WHAT YOU NEED TO DO: Only one stretch of the data below should be repeated: the lines from the line containing "Lemma annulus_outer_neq1 h" through the line containing "have [Fg [Hg", inclusive, exactly as they are.

Stored data entries
════

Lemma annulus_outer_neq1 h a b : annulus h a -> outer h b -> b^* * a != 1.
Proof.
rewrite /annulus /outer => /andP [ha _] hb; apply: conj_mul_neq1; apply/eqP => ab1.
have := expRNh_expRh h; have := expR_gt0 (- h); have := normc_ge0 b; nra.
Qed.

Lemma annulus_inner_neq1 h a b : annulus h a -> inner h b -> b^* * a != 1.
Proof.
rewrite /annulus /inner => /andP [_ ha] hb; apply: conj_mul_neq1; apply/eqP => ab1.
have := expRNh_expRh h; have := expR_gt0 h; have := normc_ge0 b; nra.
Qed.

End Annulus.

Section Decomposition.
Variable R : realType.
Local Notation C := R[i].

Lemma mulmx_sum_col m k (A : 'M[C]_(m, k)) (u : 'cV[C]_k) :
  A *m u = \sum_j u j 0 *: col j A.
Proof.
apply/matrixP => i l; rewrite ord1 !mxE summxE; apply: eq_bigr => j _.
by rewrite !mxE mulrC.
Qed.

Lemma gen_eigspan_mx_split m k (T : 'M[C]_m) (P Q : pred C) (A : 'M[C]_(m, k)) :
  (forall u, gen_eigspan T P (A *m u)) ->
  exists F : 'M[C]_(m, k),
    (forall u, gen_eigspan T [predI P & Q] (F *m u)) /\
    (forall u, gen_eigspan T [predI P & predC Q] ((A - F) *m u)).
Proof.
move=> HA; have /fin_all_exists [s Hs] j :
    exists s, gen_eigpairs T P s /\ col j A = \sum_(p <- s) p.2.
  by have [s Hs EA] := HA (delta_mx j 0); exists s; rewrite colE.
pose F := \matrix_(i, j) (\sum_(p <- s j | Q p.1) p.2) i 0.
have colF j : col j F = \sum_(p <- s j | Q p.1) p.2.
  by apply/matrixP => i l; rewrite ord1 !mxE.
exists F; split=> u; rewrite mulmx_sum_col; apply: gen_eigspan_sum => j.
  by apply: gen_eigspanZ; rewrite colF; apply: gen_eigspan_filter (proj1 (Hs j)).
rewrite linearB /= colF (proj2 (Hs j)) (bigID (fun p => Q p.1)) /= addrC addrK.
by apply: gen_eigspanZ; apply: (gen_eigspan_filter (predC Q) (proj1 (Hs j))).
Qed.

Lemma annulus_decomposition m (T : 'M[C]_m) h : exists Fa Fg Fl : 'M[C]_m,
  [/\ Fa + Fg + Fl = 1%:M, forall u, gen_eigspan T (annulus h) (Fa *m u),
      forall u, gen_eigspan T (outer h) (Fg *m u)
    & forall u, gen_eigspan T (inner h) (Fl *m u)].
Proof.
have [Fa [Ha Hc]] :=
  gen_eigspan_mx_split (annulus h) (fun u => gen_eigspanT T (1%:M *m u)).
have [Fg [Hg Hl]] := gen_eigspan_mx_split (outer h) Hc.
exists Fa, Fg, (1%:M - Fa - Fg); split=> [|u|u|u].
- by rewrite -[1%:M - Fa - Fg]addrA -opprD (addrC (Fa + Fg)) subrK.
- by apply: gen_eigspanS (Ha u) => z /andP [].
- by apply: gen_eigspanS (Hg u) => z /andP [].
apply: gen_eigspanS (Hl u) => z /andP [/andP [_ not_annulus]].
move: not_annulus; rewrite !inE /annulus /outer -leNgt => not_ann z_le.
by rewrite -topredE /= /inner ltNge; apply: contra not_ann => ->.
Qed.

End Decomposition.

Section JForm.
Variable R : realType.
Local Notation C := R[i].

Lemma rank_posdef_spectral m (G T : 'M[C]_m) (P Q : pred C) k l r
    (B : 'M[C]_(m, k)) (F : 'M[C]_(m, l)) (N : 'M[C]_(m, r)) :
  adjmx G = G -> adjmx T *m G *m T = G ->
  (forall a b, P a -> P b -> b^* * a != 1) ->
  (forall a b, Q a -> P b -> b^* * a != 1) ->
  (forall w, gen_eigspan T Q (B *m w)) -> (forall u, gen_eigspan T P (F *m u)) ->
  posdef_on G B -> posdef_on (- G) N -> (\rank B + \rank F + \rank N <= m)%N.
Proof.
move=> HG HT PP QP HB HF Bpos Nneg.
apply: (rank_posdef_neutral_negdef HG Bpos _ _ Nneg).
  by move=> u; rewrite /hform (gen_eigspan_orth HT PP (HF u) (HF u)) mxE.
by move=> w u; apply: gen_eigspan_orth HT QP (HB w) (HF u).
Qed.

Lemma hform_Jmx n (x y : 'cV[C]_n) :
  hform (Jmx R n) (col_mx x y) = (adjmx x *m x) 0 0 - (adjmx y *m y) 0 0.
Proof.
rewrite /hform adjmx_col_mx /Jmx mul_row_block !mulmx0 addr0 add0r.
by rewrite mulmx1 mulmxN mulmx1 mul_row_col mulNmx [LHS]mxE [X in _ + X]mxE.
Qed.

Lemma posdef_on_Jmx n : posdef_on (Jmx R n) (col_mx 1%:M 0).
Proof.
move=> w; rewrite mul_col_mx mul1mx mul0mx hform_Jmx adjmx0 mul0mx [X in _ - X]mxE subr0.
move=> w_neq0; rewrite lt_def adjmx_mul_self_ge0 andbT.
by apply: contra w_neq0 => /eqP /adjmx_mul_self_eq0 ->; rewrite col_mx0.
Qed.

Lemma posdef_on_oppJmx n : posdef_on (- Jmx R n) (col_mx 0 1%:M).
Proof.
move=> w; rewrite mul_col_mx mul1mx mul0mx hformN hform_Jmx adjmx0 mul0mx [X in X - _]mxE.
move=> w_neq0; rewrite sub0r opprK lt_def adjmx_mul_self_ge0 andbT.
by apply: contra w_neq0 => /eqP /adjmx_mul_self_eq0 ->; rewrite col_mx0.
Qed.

════

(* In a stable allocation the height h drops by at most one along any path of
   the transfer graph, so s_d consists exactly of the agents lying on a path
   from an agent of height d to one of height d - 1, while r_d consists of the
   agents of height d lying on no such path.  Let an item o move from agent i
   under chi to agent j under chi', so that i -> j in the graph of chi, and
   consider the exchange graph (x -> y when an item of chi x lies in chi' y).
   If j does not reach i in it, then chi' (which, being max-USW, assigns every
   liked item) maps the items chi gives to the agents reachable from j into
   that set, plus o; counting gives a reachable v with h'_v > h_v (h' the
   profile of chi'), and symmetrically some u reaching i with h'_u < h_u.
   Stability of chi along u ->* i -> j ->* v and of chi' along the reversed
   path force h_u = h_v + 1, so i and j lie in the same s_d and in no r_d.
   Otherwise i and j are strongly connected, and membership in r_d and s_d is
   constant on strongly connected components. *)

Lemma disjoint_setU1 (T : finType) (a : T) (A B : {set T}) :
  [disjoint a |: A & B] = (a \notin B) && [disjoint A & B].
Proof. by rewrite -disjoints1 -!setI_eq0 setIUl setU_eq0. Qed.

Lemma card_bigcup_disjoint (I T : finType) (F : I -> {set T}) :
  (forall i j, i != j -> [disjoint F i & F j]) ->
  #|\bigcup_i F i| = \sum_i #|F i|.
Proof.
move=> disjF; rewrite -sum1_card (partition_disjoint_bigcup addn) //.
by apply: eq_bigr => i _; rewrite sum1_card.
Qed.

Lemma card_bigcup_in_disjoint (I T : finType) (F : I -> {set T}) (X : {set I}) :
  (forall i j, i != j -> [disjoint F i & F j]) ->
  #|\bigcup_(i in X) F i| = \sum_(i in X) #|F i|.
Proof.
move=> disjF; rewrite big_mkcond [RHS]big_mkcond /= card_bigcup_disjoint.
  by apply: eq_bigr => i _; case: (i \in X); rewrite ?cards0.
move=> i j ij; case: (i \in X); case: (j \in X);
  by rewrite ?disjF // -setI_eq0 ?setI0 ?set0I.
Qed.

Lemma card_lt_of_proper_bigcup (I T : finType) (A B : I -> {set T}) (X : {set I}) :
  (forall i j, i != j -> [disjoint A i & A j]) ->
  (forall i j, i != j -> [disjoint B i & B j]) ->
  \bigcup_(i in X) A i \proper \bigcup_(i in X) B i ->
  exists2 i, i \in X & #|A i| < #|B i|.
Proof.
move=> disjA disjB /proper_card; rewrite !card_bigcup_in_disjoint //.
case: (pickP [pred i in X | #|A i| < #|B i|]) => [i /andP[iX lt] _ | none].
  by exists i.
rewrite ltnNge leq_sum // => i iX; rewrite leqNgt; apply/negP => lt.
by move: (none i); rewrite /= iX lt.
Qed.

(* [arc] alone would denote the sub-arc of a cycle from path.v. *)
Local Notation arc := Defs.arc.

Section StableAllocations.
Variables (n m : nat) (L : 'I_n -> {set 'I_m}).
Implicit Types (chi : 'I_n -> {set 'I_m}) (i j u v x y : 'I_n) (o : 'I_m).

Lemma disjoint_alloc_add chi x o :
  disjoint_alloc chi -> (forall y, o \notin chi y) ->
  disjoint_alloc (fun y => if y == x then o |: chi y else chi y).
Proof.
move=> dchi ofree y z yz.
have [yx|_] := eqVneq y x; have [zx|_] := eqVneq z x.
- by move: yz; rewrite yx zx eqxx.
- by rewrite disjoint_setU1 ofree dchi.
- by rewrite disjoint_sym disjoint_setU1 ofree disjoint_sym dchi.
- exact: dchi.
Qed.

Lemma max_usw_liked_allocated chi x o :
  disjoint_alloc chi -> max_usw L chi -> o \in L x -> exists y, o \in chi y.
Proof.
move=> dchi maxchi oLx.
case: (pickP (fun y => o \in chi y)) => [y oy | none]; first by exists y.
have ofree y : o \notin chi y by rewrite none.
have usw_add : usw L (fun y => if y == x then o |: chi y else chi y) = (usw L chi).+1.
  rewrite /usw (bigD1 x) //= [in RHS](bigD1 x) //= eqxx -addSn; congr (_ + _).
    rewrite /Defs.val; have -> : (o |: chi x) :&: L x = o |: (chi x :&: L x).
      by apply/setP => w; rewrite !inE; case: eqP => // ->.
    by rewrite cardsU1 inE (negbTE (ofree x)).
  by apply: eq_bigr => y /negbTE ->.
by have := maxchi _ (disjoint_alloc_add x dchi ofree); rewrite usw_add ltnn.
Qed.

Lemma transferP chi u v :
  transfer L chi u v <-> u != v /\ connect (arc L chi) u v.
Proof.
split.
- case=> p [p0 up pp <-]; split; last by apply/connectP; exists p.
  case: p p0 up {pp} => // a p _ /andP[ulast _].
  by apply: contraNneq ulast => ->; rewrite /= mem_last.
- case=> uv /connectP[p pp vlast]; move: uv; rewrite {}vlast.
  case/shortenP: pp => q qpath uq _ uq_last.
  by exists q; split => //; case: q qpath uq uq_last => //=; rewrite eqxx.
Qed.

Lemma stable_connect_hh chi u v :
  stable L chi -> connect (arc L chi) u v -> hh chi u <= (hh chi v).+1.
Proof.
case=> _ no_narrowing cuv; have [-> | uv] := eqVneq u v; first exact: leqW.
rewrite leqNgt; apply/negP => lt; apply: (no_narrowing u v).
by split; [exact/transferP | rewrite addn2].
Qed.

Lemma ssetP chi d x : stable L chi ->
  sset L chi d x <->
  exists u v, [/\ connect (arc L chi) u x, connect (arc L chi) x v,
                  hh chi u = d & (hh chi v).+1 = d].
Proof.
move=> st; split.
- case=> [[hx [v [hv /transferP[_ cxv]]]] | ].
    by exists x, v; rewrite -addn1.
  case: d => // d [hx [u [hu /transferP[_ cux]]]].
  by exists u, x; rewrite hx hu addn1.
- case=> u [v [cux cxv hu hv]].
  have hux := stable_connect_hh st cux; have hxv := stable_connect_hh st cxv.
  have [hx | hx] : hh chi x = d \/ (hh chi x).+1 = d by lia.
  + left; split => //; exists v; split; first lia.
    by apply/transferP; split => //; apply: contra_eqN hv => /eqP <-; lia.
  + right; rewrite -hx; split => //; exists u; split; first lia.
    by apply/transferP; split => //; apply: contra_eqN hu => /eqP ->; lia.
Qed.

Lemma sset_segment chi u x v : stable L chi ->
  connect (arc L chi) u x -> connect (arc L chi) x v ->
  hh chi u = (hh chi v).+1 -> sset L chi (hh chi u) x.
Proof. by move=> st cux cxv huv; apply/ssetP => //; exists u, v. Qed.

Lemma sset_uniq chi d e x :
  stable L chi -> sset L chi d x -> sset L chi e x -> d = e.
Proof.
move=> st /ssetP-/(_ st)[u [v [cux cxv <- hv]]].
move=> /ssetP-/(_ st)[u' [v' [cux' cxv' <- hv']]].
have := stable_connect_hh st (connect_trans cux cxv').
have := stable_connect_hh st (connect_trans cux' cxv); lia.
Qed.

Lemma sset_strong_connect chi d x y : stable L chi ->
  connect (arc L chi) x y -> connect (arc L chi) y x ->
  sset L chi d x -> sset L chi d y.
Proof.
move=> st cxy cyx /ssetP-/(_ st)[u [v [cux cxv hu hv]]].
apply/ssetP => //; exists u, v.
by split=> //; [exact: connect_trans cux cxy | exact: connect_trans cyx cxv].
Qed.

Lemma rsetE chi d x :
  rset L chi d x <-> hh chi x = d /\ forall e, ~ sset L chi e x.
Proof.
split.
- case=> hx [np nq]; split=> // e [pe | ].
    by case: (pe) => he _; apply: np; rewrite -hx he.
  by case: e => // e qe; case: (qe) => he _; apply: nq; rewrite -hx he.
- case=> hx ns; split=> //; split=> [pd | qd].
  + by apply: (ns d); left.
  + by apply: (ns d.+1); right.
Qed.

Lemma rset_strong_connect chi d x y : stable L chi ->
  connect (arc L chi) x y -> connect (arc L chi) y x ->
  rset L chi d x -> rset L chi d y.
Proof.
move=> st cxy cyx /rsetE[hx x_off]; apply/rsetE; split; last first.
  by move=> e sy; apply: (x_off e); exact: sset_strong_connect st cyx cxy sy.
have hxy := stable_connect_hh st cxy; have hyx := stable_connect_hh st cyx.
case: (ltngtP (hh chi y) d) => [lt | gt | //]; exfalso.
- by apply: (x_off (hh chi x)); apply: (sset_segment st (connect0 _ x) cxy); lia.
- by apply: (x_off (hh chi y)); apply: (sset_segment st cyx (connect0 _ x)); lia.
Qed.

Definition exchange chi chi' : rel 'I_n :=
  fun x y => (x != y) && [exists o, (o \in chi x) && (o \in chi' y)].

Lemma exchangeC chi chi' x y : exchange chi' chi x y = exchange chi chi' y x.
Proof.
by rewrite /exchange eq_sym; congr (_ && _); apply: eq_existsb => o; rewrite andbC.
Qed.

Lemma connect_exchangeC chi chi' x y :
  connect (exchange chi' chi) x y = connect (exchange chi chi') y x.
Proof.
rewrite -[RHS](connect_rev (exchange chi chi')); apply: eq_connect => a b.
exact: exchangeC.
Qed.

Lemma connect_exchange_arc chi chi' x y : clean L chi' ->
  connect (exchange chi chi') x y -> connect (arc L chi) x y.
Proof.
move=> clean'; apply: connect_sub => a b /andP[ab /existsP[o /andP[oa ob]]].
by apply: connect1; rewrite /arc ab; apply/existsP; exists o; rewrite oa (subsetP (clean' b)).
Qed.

════

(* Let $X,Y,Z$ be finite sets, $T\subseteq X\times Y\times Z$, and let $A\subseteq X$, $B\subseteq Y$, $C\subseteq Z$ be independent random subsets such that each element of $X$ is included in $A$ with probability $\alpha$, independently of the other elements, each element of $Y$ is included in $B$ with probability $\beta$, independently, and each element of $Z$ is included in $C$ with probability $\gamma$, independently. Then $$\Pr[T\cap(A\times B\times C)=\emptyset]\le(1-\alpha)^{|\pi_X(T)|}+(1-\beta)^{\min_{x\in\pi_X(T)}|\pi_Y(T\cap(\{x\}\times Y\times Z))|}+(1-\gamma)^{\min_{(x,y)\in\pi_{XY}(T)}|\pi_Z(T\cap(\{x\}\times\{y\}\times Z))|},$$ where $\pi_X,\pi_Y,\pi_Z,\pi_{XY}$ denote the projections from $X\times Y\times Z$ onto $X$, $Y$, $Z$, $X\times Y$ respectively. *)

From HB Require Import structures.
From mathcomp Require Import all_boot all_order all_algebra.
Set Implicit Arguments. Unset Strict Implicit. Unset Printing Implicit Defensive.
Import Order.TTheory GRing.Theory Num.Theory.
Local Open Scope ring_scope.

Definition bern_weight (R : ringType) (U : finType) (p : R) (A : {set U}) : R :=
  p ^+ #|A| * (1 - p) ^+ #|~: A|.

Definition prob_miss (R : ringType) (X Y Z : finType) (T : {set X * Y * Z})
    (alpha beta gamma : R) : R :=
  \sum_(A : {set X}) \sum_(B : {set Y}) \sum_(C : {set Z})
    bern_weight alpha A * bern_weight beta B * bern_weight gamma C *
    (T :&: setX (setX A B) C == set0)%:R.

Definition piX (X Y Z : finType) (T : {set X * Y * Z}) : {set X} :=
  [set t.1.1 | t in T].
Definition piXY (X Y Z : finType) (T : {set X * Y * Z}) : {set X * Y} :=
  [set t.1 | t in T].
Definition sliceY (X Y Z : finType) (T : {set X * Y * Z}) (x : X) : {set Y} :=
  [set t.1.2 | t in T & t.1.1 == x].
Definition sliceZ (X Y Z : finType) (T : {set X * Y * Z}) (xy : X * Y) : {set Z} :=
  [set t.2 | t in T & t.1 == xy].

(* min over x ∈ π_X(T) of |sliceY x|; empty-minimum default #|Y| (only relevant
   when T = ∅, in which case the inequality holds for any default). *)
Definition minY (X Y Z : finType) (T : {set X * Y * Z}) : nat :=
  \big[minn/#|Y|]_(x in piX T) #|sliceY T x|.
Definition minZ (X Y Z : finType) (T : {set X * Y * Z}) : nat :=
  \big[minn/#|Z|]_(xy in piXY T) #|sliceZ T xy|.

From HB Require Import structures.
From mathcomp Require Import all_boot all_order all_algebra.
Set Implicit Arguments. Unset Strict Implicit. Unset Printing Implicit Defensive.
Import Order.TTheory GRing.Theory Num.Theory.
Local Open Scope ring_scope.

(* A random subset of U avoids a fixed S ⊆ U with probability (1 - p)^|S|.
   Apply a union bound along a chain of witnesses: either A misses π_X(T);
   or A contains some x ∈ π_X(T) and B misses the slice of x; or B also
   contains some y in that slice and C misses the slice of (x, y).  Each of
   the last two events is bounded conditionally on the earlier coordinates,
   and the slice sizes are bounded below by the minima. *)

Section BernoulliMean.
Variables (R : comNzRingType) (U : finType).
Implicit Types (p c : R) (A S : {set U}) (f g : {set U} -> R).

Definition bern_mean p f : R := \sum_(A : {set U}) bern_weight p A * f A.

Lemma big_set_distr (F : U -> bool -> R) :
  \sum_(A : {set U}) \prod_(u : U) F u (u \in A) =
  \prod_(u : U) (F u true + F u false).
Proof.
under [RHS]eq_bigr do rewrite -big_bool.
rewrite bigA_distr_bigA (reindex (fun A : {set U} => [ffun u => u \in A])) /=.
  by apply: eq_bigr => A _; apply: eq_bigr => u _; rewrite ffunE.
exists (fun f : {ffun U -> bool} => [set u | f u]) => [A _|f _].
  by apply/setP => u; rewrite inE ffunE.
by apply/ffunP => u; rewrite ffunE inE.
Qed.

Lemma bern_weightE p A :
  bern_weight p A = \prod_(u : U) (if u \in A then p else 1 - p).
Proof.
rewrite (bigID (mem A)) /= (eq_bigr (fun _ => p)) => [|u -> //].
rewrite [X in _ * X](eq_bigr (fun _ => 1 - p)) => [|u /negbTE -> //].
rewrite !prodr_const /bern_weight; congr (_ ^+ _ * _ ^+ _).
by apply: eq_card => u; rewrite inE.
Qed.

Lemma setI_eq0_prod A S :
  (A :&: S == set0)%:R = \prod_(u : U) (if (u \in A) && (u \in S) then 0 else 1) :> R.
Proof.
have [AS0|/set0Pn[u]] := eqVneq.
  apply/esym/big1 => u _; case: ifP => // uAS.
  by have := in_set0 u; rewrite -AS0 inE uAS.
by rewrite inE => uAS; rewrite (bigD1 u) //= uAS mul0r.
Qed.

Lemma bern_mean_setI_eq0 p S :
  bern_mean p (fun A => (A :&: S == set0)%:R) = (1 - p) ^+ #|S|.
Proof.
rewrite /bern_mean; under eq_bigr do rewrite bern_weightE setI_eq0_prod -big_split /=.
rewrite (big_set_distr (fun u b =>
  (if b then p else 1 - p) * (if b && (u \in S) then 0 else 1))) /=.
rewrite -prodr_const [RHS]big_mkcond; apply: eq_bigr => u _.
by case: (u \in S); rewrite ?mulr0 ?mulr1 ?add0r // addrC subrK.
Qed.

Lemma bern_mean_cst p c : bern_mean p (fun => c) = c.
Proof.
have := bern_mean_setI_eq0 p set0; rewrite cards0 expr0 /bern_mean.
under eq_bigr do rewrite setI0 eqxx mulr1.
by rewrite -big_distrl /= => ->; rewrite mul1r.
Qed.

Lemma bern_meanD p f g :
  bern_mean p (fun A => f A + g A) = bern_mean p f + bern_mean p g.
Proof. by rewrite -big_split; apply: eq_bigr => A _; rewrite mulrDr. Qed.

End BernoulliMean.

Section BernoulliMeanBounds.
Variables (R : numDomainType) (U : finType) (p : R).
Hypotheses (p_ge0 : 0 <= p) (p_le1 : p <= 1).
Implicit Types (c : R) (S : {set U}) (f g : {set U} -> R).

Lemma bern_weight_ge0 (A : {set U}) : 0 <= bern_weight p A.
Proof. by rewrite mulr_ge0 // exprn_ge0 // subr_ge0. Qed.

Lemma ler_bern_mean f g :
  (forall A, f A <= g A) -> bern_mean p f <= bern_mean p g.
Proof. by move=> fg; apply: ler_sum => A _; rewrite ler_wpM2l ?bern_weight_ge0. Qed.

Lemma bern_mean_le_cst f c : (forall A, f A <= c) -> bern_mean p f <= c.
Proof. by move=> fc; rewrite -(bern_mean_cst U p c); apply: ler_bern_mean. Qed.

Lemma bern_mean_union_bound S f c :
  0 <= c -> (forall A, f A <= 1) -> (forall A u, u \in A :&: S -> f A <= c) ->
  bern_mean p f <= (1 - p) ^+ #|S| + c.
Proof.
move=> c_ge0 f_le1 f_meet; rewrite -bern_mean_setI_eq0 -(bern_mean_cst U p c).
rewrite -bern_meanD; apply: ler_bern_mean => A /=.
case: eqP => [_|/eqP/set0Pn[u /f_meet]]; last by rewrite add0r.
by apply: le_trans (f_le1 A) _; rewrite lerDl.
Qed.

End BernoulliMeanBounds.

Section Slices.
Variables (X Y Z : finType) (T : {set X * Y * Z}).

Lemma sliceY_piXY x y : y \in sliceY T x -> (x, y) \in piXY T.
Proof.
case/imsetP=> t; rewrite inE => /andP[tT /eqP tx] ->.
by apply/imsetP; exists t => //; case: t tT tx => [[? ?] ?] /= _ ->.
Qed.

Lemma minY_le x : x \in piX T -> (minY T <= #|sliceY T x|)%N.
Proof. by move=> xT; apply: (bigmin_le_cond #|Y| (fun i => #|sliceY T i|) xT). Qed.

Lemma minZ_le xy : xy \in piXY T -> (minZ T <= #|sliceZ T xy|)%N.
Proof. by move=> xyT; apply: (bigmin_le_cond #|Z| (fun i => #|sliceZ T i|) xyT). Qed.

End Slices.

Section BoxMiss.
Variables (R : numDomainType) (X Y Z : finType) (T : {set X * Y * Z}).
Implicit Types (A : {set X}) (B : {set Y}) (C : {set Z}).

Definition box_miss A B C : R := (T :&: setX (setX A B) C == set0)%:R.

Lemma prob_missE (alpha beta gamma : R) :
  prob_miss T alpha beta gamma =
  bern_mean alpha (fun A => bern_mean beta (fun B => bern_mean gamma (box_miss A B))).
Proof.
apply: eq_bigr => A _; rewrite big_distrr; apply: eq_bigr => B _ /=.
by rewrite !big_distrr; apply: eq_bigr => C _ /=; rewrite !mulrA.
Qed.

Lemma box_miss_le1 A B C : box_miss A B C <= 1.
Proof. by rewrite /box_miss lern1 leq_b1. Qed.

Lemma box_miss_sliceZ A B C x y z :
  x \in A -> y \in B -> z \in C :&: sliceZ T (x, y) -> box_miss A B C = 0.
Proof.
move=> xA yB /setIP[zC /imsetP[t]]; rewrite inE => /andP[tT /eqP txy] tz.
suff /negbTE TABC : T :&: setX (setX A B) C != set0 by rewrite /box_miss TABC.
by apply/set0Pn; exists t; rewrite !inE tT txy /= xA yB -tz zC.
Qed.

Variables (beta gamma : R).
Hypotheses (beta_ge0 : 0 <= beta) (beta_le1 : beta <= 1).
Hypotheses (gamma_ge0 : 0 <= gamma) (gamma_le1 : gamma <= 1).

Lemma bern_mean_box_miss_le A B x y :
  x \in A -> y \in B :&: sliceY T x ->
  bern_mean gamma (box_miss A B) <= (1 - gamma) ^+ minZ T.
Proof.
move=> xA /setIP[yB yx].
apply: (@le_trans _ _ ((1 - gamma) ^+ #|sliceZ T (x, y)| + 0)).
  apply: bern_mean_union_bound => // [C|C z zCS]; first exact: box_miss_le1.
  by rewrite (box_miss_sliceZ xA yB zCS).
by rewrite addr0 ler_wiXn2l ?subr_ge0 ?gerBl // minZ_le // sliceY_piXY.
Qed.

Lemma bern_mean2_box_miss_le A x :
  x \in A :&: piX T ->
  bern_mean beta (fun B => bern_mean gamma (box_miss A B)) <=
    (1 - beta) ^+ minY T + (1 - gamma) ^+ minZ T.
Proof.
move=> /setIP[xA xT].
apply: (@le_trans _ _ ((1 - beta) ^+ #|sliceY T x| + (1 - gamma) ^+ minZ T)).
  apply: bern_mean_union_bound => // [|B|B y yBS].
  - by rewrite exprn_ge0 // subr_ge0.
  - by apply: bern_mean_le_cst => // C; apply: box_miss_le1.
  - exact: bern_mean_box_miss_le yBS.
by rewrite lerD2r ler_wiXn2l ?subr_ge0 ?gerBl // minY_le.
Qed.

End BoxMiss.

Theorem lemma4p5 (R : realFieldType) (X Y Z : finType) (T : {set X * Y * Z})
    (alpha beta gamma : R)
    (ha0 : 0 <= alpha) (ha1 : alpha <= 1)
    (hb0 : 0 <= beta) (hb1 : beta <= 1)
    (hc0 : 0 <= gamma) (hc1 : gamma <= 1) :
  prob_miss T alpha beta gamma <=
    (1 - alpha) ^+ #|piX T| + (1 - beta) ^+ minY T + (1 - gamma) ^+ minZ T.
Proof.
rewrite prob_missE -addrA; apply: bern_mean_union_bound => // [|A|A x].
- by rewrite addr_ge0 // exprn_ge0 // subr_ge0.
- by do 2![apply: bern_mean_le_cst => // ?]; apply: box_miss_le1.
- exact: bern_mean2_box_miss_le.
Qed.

════

ANSWER TO THIS EXERCISE:
Lemma annulus_outer_neq1 h a b : annulus h a -> outer h b -> b^* * a != 1.
Proof.
rewrite /annulus /outer => /andP [ha _] hb; apply: conj_mul_neq1; apply/eqP => ab1.
have := expRNh_expRh h; have := expR_gt0 (- h); have := normc_ge0 b; nra.
Qed.

Lemma annulus_inner_neq1 h a b : annulus h a -> inner h b -> b^* * a != 1.
Proof.
rewrite /annulus /inner => /andP [_ ha] hb; apply: conj_mul_neq1; apply/eqP => ab1.
have := expRNh_expRh h; have := expR_gt0 h; have := normc_ge0 b; nra.
Qed.

End Annulus.

Section Decomposition.
Variable R : realType.
Local Notation C := R[i].

Lemma mulmx_sum_col m k (A : 'M[C]_(m, k)) (u : 'cV[C]_k) :
  A *m u = \sum_j u j 0 *: col j A.
Proof.
apply/matrixP => i l; rewrite ord1 !mxE summxE; apply: eq_bigr => j _.
by rewrite !mxE mulrC.
Qed.

Lemma gen_eigspan_mx_split m k (T : 'M[C]_m) (P Q : pred C) (A : 'M[C]_(m, k)) :
  (forall u, gen_eigspan T P (A *m u)) ->
  exists F : 'M[C]_(m, k),
    (forall u, gen_eigspan T [predI P & Q] (F *m u)) /\
    (forall u, gen_eigspan T [predI P & predC Q] ((A - F) *m u)).
Proof.
move=> HA; have /fin_all_exists [s Hs] j :
    exists s, gen_eigpairs T P s /\ col j A = \sum_(p <- s) p.2.
  by have [s Hs EA] := HA (delta_mx j 0); exists s; rewrite colE.
pose F := \matrix_(i, j) (\sum_(p <- s j | Q p.1) p.2) i 0.
have colF j : col j F = \sum_(p <- s j | Q p.1) p.2.
  by apply/matrixP => i l; rewrite ord1 !mxE.
exists F; split=> u; rewrite mulmx_sum_col; apply: gen_eigspan_sum => j.
  by apply: gen_eigspanZ; rewrite colF; apply: gen_eigspan_filter (proj1 (Hs j)).
rewrite linearB /= colF (proj2 (Hs j)) (bigID (fun p => Q p.1)) /= addrC addrK.
by apply: gen_eigspanZ; apply: (gen_eigspan_filter (predC Q) (proj1 (Hs j))).
Qed.

Lemma annulus_decomposition m (T : 'M[C]_m) h : exists Fa Fg Fl : 'M[C]_m,
  [/\ Fa + Fg + Fl = 1%:M, forall u, gen_eigspan T (annulus h) (Fa *m u),
      forall u, gen_eigspan T (outer h) (Fg *m u)
    & forall u, gen_eigspan T (inner h) (Fl *m u)].
Proof.
have [Fa [Ha Hc]] :=
  gen_eigspan_mx_split (annulus h) (fun u => gen_eigspanT T (1%:M *m u)).
have [Fg [Hg Hl]] := gen_eigspan_mx_split (outer h) Hc.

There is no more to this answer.